For the listing below, output exactly the lines from the line with "subst w; right;" up to and including the line with "case: ol oi_ol irr => [l|] [] // _ irr.", and no other lines.

[[ Record set open ]]

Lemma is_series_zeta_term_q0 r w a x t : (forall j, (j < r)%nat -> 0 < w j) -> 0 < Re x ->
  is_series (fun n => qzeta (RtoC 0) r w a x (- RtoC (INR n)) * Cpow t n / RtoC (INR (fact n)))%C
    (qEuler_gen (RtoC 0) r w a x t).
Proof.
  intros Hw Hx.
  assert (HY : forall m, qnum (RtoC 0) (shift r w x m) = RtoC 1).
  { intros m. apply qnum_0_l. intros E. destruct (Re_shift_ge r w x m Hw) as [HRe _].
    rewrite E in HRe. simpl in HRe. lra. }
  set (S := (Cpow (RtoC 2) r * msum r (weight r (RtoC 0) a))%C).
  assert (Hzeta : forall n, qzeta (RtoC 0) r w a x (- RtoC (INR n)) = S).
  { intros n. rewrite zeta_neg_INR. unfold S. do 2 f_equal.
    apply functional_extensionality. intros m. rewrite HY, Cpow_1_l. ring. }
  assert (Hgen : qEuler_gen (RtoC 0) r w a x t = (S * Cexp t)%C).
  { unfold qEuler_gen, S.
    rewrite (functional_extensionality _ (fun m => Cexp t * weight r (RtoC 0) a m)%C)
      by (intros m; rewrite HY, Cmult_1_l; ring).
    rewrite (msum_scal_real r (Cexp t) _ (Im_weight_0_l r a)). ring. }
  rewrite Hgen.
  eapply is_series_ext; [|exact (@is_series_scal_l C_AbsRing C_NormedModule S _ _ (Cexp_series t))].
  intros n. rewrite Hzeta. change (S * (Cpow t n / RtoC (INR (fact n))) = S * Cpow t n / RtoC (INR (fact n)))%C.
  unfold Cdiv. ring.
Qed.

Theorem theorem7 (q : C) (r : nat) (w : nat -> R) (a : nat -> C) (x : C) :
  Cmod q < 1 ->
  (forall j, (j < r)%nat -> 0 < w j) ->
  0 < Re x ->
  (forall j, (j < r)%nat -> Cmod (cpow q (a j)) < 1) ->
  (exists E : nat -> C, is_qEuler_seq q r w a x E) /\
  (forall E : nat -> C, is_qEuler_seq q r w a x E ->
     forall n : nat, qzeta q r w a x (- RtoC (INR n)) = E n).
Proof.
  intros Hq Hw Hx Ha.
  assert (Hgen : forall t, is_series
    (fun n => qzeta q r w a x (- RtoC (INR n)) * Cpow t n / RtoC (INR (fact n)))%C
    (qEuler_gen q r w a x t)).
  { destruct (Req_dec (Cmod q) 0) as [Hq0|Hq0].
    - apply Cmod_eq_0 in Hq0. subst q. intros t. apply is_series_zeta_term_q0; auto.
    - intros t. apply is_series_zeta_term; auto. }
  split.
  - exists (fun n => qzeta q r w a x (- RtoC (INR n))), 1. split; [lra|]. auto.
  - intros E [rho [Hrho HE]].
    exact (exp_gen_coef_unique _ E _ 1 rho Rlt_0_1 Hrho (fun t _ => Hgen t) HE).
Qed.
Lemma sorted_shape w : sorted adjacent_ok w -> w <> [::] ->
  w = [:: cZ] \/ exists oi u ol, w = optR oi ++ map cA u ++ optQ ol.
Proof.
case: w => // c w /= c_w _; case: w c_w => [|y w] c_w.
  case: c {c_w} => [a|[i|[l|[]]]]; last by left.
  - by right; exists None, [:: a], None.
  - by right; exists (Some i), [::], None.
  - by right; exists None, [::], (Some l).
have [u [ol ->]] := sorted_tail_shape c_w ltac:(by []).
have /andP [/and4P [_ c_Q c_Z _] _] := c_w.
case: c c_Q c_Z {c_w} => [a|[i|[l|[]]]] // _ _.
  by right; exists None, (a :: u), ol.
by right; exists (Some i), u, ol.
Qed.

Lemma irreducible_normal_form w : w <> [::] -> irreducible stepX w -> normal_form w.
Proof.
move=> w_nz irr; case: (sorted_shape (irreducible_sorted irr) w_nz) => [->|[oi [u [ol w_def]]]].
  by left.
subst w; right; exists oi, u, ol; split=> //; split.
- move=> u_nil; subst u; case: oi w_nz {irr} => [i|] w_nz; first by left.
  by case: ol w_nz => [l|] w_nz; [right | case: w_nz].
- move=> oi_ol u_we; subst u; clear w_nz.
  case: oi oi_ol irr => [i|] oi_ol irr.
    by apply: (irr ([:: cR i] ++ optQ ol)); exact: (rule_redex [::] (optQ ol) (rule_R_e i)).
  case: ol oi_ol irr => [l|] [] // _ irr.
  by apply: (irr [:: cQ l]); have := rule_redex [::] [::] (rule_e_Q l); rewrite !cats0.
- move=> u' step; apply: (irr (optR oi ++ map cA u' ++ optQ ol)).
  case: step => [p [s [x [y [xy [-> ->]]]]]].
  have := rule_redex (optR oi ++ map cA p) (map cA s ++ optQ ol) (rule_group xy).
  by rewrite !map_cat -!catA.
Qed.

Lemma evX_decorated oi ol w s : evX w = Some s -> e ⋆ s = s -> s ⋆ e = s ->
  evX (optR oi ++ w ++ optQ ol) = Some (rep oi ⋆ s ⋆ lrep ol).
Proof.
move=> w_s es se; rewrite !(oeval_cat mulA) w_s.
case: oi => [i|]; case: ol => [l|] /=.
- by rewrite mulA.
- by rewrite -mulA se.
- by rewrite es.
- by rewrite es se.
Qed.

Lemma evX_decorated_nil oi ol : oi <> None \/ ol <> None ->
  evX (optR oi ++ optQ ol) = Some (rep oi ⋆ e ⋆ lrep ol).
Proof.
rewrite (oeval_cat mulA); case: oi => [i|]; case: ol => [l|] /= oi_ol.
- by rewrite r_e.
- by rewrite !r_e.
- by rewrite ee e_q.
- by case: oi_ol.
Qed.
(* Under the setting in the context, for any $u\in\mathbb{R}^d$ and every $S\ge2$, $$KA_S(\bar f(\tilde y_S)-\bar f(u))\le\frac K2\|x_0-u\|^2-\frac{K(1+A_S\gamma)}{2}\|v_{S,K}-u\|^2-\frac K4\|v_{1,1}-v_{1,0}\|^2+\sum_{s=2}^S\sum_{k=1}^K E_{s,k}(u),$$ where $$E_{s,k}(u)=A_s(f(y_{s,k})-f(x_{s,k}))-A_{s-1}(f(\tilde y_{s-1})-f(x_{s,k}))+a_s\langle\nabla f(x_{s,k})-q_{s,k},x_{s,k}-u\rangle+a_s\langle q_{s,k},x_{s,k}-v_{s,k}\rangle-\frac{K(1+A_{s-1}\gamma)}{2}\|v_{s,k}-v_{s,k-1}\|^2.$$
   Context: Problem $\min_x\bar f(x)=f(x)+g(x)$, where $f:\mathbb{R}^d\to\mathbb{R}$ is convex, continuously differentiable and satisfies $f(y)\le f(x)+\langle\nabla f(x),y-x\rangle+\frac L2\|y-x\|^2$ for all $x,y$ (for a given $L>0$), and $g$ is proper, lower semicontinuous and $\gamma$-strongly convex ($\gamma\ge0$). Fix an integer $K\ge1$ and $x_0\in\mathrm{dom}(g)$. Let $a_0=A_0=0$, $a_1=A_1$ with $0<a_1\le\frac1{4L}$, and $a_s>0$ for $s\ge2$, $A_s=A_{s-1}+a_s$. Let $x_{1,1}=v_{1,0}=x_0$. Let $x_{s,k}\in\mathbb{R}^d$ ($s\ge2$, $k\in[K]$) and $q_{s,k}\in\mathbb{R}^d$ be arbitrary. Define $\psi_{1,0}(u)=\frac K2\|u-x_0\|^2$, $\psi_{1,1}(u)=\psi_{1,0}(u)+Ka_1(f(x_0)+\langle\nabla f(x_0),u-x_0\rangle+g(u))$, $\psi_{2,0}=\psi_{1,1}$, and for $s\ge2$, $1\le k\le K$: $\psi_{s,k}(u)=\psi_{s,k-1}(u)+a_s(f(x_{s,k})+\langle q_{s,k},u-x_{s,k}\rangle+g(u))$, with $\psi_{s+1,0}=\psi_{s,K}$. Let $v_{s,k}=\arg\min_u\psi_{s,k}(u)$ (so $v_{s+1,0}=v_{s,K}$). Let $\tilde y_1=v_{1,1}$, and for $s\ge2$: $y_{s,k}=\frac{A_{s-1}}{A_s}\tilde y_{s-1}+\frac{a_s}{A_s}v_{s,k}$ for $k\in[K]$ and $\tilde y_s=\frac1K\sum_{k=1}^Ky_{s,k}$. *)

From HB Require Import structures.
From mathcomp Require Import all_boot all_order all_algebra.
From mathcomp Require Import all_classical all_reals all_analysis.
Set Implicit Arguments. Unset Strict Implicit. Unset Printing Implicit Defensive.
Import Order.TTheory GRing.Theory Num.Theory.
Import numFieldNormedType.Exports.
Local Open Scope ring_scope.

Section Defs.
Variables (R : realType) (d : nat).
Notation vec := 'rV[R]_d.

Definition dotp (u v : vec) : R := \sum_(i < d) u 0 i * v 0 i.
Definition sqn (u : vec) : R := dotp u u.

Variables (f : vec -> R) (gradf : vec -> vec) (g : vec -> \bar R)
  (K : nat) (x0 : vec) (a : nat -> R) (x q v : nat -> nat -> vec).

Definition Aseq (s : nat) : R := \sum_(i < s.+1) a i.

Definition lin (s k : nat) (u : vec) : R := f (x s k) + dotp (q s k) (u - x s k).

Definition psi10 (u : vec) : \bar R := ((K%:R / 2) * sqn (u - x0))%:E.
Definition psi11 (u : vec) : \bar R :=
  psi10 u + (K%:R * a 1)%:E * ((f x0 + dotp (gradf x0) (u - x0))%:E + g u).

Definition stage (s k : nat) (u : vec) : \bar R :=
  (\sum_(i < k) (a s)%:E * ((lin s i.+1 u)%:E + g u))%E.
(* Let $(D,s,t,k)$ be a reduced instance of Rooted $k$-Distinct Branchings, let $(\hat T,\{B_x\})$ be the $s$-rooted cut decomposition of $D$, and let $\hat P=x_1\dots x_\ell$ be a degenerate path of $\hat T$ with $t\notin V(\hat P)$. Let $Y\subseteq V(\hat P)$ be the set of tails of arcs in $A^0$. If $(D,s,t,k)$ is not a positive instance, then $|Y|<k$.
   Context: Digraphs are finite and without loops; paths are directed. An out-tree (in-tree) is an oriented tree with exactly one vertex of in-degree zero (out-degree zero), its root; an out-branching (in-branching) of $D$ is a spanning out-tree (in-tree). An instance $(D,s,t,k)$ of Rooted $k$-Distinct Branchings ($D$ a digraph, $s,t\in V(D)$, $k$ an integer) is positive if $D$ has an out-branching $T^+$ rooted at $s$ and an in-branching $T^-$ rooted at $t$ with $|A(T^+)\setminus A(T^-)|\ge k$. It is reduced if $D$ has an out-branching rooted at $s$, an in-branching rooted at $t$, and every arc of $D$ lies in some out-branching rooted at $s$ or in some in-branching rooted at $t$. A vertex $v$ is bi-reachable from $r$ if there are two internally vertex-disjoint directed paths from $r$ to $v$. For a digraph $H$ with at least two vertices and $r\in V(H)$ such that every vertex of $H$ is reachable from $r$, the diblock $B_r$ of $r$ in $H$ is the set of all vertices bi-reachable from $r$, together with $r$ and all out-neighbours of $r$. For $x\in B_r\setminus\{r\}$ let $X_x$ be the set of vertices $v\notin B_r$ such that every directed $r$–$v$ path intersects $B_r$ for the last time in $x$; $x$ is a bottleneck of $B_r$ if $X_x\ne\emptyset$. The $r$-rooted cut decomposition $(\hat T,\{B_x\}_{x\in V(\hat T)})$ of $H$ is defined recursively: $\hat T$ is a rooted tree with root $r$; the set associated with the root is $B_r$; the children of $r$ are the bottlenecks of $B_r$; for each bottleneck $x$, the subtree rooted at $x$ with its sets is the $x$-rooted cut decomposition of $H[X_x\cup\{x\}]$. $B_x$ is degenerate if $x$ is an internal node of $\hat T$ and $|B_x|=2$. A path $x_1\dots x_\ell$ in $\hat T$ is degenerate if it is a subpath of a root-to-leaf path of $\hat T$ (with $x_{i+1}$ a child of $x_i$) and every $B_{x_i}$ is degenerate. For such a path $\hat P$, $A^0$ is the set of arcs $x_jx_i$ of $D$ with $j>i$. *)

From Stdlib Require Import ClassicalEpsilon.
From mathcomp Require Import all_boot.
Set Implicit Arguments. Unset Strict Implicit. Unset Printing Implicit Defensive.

[[ Record set closed ]]
[[ Record set open ]]

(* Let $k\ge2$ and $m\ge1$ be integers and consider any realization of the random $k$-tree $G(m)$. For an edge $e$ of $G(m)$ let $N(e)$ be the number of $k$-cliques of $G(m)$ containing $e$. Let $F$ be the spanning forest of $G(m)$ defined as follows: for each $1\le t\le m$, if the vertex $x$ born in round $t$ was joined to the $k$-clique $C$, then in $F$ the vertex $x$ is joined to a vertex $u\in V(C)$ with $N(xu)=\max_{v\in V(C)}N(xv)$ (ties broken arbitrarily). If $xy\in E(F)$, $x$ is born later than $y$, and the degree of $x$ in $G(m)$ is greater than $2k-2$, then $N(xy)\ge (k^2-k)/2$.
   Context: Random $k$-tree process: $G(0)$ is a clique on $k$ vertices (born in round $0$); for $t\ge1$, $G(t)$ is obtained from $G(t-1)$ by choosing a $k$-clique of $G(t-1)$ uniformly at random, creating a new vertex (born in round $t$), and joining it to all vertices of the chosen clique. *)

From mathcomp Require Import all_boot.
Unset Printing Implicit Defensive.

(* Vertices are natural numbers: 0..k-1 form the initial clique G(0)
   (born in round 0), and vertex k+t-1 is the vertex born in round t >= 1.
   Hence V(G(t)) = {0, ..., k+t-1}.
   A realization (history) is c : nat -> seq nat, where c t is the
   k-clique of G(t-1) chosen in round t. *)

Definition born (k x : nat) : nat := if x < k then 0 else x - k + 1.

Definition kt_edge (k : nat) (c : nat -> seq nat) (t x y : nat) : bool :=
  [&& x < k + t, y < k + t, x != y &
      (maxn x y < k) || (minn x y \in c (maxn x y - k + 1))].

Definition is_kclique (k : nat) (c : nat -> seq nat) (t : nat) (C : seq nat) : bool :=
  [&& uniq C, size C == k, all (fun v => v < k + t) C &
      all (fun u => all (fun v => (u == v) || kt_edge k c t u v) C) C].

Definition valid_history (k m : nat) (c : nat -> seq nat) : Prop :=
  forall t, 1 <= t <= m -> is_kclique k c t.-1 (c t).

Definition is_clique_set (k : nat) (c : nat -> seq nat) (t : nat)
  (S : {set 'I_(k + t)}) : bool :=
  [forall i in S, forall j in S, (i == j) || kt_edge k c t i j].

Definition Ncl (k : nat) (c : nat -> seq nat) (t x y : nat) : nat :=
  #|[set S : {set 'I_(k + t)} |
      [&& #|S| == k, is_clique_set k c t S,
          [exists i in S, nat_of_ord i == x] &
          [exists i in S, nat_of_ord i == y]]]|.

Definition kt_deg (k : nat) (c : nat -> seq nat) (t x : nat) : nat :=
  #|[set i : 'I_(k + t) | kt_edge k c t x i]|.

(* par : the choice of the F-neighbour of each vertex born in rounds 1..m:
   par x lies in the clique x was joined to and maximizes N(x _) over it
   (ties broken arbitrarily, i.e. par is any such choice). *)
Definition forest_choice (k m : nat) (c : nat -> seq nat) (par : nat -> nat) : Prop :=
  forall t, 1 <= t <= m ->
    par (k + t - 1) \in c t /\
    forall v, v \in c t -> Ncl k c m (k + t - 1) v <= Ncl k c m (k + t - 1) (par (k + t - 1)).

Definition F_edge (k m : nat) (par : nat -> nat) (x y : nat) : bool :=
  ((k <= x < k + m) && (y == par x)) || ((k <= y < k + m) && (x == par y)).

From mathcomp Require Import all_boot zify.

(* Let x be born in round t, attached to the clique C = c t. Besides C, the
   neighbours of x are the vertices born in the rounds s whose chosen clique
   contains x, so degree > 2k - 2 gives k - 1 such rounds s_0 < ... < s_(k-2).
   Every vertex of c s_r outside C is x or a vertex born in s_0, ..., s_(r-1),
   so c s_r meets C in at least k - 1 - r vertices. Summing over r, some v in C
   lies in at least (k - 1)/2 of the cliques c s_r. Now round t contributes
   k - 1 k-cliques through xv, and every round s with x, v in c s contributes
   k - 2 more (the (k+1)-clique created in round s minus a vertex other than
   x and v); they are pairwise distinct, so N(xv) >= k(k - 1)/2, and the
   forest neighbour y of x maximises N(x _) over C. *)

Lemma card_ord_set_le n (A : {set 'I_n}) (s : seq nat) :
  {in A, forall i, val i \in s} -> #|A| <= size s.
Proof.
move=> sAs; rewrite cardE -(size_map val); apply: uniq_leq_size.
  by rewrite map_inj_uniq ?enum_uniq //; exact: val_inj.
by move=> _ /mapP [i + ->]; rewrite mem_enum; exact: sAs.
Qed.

[[ Record set closed ]]

_Task result:_
subst w; right; exists oi, u, ol; split=> //; split.
- move=> u_nil; subst u; case: oi w_nz {irr} => [i|] w_nz; first by left.
  by case: ol w_nz => [l|] w_nz; [right | case: w_nz].
- move=> oi_ol u_we; subst u; clear w_nz.
  case: oi oi_ol irr => [i|] oi_ol irr.
    by apply: (irr ([:: cR i] ++ optQ ol)); exact: (rule_redex [::] (optQ ol) (rule_R_e i)).
  case: ol oi_ol irr => [l|] [] // _ irr.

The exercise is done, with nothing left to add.